Compared to the three previous days waking up today, despite still only having just shy of 4.5 hours of sleep, I’m feeling much closer to my center. Perhaps it’s because I just woke up and am enjoying my routine already but it could also be the fact that we are on the downhill slide of this little adventure and that yesterday there was a great release when the swell that comes from my having my “15 minutes of fame” here was over.
I’m talking about the student readings which appear on the surface to be no big deal to other folks. That’s how things often appear on the surface so I’m not sure if there is any truth in it. It’s a big deal to me to have the eyes of so many brilliant writers – brilliant people – all on me for even a short time like 5 minutes. One has the attention of the room and that brings power. And with great power becomes great responsibility. I felt it.
It’s a responsibility to step up to the plate and kill it, somehow trying, through my words to make a case that I belong here. That I, too, am worthy of this experience. It’s feels self serving to highlight the fact that the journey that led me here is very different than most people I talk to. Maybe I’m just drawn to talk to people with backgrounds and situations that differ from my own because that’s interesting or because I’m searching for the common threads between us.
Through reading their work and hearing them read it that is easy to glean, as the passion bleeds through. It feels like such a great opportunity to get a glimpse into the hearts and minds of everyone, many of whom are early in their writing lives and careers. It’s a special thing and I feel as tough the price for admission is contribution. Therein lies the pressure and the swell.
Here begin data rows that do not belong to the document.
(* Let $f,g$ be real analytic functions on $[-1,1]$, and for $\rho\in\mathbb{R}$ with $|\rho|$ sufficiently small let $x(t,\rho)$ denote the solution on $[-1,1]$ of the Abel equation $x'=f(t)x^3+g(t)x^2$ with $x(-1,\rho)=\rho$. Define $$H(t,\rho)=\int_{-1}^t\big(f(s)x(s,\rho)+g(s)\big)\,ds,\qquad G(t)=\int_{-1}^t g(s)\,ds,\qquad F(t)=\int_{-1}^t f(s)\,ds.$$ Then $$\frac{\partial^{j}}{\partial\rho^{j}}H(1,\rho)\Big|_{\rho=0}=j!\int_{-1}^1 f(t)\,G^{j-1}(t)\,dt\quad\text{for } j=1,2,$$ and $$\frac{\partial^{3}}{\partial\rho^{3}}H(1,\rho)\Big|_{\rho=0}=3!\int_{-1}^1 f(t)\,G^{2}(t)\,dt+3!\int_{-1}^1 f(t)\,F(t)\,dt.$$
   Context: The solution $x(t,\rho)$ is analytic in $(t,\rho)$ and equivalently satisfies the integral equation $x(t,\rho)=\dfrac{\rho}{1-\rho H(t,\rho)}$ for $t\in[-1,1]$ and $|\rho|$ small. *)

From Stdlib Require Import Reals.
From Coquelicot Require Import Coquelicot.
Open Scope R_scope.

Definition analytic_at (f : R -> R) (t0 : R) : Prop :=
  exists (a : nat -> R) (r : R), 0 < r /\
    forall y, Rabs (y - t0) < r -> is_pseries a (y - t0) (f y).

Definition analytic_on_I (f : R -> R) : Prop :=
  forall t0, -1 <= t0 <= 1 -> analytic_at f t0.

Definition abel_solution (f g : R -> R) (y : R -> R) (rho : R) : Prop :=
  y (-1) = rho /\
  (forall t, -1 <= t <= 1 ->
     filterlim y (within (fun s => -1 <= s <= 1) (locally t)) (locally (y t))) /\
  (forall t, -1 < t < 1 ->
     is_derive y t (f t * (y t) ^ 3 + g t * (y t) ^ 2)).

Definition Hfun (f g : R -> R) (x : R -> R -> R) (t rho : R) : R :=
  RInt (fun s => f s * x s rho + g s) (-1) t.

Definition prim (h : R -> R) (t : R) : R := RInt h (-1) t.

From Stdlib Require Import Reals Lra Lia Wf_nat.
From Coquelicot Require Import Coquelicot.
Open Scope R_scope.

(* Write the solution as a power series [x(t, rho) = sum_n c_n(t) rho^n].  Substituting it into
   [x' = f x^3 + g x^2] gives [c_1 = 1] and, for [n >= 2],
   [c_n(t) = int_{-1}^t (f (c*c*c)_n + g (c*c)_n)], where, as [c_0 = 0], the right-hand side
   only involves [c_1], ..., [c_{n-1}]; in particular [c_2 = G] and [c_3 = F + G^2].  Once [f]
   and [g] are extended continuously and boundedly to the whole line, the weights [w_n = 1/n^2],
   which satisfy [(w*w)_n <= 8 w_n], give by induction [|c_n(t)| <= A B^n w_n] for [|t| <= 2]
   and suitable constants [A], [B].
   Hence the series converges for [|rho| < 1/B], may be differentiated termwise in [t], and solves
   the Abel equation; by uniqueness (a Gronwall argument) it is the solution [x].  Integrating
   termwise, [H(1, rho) = G(1) + sum_n rho^n int_{-1}^1 f c_n] is analytic at [0], so its [j]-th
   derivative there is [j! int_{-1}^1 f c_j]. *)

(** * Power series *)

Lemma ex_pseries_le_CV_radius (a : nat -> R) (x : R) :
  ex_pseries a x -> Rbar_le (Rabs x) (CV_radius a).
Proof.
  intros Hx. apply Rbar_not_lt_le. intros Hlt. apply (CV_disk_outside a x Hlt).
  apply ex_series_lim_0 in Hx.
  eapply is_lim_seq_ext; [|exact Hx]. intros n. apply Rmult_comm.
Qed.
I spent several hours in thought and action for preparation, including most of my morning yesterday. Everyone else was having scheduled meetings with their mentors and finalizing study plans for the semester. My mentor was absent on “other duties as assigned” by the program and university. It’s a privilege to be working with someone who is so intrugal to the program, someone who is so invested in it, and whose work I respect so greatly. It’s worthy of so many more words but I’m going to hold them hostage until another time.
By mid-morning. I was done with final edits, timing everything, and preparing my comments for my reading. I’d love to appear fearless and polished, graceful and unrehearsed, and, as I said, worthy. I want those things to be real and overpower the anxiety and uncertainty that I experience with public speaking.
When it was over and done, I felt pretty good about it. I truly did, which is awesome, and then I had a wave of relief wash over me. The rest of the day I felt so much lighter inside. Other aspects of this time started to take their shapes again and some of my focus has returned.
As always, there’s a great deal more I could say about the rest of the day’s activities. Day spills into night and crosses through dreams and returns with the sunrise. With that, the sun is up and my time is up too.